(Collection entries)
* * * * * * * * *

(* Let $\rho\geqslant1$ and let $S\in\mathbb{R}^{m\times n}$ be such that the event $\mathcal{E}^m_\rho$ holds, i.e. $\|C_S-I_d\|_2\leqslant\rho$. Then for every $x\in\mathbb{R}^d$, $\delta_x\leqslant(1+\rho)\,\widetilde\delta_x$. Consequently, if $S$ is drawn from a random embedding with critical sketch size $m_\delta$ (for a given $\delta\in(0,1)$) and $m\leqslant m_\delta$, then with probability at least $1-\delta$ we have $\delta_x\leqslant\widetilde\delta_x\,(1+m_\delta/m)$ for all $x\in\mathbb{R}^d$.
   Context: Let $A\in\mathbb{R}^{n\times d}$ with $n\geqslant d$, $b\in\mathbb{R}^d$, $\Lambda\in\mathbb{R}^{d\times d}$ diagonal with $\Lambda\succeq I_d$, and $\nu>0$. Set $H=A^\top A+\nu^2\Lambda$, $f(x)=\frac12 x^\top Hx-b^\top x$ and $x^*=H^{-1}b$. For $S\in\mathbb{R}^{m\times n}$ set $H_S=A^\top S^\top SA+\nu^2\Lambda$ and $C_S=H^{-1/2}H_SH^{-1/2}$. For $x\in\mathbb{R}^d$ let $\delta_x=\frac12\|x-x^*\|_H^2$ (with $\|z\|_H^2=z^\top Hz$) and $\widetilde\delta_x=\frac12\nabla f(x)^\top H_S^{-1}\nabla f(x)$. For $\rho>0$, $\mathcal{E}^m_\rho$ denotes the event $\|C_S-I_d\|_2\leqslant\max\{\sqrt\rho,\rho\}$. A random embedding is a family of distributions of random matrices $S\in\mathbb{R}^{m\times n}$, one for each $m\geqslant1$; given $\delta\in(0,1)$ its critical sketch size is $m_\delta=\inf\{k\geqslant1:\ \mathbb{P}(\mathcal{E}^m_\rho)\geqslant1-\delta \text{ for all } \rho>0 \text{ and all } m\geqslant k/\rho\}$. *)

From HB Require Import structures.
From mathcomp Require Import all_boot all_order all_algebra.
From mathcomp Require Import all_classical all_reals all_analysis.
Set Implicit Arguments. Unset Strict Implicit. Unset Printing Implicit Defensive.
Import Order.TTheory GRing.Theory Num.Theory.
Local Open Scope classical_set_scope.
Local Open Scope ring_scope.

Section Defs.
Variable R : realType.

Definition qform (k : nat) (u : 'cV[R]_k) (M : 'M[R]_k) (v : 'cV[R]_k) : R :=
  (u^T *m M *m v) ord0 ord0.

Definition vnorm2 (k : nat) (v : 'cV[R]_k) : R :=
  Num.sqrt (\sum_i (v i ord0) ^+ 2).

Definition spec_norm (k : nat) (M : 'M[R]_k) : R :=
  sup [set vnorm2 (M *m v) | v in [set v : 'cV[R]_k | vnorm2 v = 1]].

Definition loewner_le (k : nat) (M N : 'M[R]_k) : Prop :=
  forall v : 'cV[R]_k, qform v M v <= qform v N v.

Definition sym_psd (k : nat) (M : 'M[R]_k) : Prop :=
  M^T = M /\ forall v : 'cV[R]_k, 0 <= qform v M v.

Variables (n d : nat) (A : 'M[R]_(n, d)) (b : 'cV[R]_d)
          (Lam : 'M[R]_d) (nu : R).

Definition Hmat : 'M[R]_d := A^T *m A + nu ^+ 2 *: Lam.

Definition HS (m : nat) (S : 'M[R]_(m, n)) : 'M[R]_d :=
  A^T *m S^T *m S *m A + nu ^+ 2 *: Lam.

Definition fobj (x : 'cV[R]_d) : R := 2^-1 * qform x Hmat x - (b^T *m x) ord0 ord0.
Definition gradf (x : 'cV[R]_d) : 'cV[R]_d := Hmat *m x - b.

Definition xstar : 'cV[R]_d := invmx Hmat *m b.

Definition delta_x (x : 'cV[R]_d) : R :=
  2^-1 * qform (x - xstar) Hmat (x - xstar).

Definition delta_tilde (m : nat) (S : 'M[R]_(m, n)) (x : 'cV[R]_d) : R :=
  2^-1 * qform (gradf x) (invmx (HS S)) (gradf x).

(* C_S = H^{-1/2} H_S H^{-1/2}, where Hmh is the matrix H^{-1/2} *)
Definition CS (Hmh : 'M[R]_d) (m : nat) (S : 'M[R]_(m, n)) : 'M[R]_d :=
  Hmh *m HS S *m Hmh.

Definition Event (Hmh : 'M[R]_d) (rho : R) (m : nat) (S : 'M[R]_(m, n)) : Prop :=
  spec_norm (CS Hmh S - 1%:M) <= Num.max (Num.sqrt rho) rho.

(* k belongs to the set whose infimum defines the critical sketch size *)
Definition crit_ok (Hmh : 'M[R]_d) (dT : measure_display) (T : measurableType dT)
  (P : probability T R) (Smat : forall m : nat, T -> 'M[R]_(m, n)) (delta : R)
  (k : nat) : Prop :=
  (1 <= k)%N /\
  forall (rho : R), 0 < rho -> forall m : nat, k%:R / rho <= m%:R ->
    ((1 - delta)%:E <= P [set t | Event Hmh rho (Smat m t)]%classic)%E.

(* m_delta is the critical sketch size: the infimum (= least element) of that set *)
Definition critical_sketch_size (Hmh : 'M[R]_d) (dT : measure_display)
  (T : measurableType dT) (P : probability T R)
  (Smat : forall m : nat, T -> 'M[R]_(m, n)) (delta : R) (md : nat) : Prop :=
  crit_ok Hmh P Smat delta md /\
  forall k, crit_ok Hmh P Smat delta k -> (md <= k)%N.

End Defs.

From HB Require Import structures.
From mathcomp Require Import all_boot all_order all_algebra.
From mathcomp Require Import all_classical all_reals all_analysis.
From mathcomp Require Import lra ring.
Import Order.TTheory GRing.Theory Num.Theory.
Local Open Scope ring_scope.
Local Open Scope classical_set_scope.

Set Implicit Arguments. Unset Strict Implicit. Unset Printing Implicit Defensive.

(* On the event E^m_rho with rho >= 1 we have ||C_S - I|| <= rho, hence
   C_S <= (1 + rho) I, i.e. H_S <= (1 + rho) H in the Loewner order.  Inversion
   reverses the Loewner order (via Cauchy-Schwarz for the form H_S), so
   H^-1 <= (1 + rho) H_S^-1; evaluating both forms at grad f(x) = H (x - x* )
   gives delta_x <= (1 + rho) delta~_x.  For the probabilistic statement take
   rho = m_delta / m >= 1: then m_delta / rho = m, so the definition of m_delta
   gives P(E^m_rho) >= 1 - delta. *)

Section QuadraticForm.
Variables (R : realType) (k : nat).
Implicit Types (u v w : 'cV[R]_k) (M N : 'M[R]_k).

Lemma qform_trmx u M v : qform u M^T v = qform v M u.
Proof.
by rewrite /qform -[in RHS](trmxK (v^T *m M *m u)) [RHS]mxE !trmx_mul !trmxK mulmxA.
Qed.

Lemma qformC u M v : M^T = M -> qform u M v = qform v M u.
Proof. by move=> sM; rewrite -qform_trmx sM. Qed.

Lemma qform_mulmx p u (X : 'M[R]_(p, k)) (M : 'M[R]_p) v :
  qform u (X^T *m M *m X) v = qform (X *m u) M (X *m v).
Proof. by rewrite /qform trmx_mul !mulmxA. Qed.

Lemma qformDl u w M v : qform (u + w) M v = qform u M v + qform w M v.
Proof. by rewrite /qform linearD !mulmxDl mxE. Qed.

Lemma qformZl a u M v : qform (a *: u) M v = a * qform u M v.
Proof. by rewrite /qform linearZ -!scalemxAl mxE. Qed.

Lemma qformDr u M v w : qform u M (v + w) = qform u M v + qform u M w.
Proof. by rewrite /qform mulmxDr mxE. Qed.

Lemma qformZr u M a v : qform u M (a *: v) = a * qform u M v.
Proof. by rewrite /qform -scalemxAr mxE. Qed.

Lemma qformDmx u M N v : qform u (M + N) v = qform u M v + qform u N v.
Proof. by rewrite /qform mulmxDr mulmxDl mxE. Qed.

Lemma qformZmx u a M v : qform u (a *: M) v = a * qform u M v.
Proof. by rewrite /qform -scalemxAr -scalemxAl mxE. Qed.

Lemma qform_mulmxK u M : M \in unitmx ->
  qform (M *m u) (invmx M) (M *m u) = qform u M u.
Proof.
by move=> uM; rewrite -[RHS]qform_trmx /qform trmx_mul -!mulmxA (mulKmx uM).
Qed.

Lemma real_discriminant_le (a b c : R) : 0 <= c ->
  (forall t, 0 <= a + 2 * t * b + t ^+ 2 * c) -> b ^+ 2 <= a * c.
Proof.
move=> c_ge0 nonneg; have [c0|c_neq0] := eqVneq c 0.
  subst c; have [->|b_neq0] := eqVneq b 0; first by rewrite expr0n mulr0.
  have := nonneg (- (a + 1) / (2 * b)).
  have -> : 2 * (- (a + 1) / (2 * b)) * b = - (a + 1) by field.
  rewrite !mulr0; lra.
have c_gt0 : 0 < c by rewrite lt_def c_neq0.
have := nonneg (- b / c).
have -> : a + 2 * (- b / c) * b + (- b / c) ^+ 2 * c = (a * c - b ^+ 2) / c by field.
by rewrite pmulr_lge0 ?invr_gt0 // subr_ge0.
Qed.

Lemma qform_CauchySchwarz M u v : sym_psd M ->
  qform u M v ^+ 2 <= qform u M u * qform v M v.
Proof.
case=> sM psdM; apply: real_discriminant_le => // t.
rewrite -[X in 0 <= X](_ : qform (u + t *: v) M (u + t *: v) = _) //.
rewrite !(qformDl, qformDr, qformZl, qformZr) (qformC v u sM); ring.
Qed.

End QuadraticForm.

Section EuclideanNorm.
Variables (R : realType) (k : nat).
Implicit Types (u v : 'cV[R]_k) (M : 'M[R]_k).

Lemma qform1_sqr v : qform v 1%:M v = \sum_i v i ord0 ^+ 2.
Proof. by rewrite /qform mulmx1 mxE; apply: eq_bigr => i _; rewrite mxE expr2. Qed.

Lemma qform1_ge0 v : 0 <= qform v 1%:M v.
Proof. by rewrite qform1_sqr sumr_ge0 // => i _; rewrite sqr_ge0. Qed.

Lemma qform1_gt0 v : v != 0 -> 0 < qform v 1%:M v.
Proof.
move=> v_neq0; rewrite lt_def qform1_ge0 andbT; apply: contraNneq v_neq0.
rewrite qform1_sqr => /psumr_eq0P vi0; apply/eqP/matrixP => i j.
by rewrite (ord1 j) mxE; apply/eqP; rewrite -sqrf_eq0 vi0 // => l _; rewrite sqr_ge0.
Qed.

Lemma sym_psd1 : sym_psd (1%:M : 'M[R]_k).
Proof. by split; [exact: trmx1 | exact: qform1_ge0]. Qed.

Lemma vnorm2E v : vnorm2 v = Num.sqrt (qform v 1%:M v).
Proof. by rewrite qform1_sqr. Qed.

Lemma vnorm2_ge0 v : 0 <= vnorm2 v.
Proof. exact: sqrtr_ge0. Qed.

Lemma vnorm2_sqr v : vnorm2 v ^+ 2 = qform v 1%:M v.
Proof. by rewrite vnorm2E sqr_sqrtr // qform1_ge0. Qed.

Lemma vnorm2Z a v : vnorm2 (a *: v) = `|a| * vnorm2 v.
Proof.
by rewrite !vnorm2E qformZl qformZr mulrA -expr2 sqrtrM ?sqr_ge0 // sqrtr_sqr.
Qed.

* * * * * * * * *

• _PROMPT_
Above are the records; repeat exactly the lines from the one holding "(forall t, 0" down to the one holding "move=> v_neq0; rewrite", end lines included.

• _SOLUTION FOR THIS EXERCISE_
  (forall t, 0 <= a + 2 * t * b + t ^+ 2 * c) -> b ^+ 2 <= a * c.
Proof.
move=> c_ge0 nonneg; have [c0|c_neq0] := eqVneq c 0.
  subst c; have [->|b_neq0] := eqVneq b 0; first by rewrite expr0n mulr0.
  have := nonneg (- (a + 1) / (2 * b)).
  have -> : 2 * (- (a + 1) / (2 * b)) * b = - (a + 1) by field.
  rewrite !mulr0; lra.
have c_gt0 : 0 < c by rewrite lt_def c_neq0.
have := nonneg (- b / c).
have -> : a + 2 * (- b / c) * b + (- b / c) ^+ 2 * c = (a * c - b ^+ 2) / c by field.
by rewrite pmulr_lge0 ?invr_gt0 // subr_ge0.
Qed.

Lemma qform_CauchySchwarz M u v : sym_psd M ->
  qform u M v ^+ 2 <= qform u M u * qform v M v.
Proof.
case=> sM psdM; apply: real_discriminant_le => // t.
rewrite -[X in 0 <= X](_ : qform (u + t *: v) M (u + t *: v) = _) //.
rewrite !(qformDl, qformDr, qformZl, qformZr) (qformC v u sM); ring.
Qed.

End QuadraticForm.

Section EuclideanNorm.
Variables (R : realType) (k : nat).
Implicit Types (u v : 'cV[R]_k) (M : 'M[R]_k).

Lemma qform1_sqr v : qform v 1%:M v = \sum_i v i ord0 ^+ 2.
Proof. by rewrite /qform mulmx1 mxE; apply: eq_bigr => i _; rewrite mxE expr2. Qed.

Lemma qform1_ge0 v : 0 <= qform v 1%:M v.
Proof. by rewrite qform1_sqr sumr_ge0 // => i _; rewrite sqr_ge0. Qed.

Lemma qform1_gt0 v : v != 0 -> 0 < qform v 1%:M v.
Proof.
move=> v_neq0; rewrite lt_def qform1_ge0 andbT; apply: contraNneq v_neq0.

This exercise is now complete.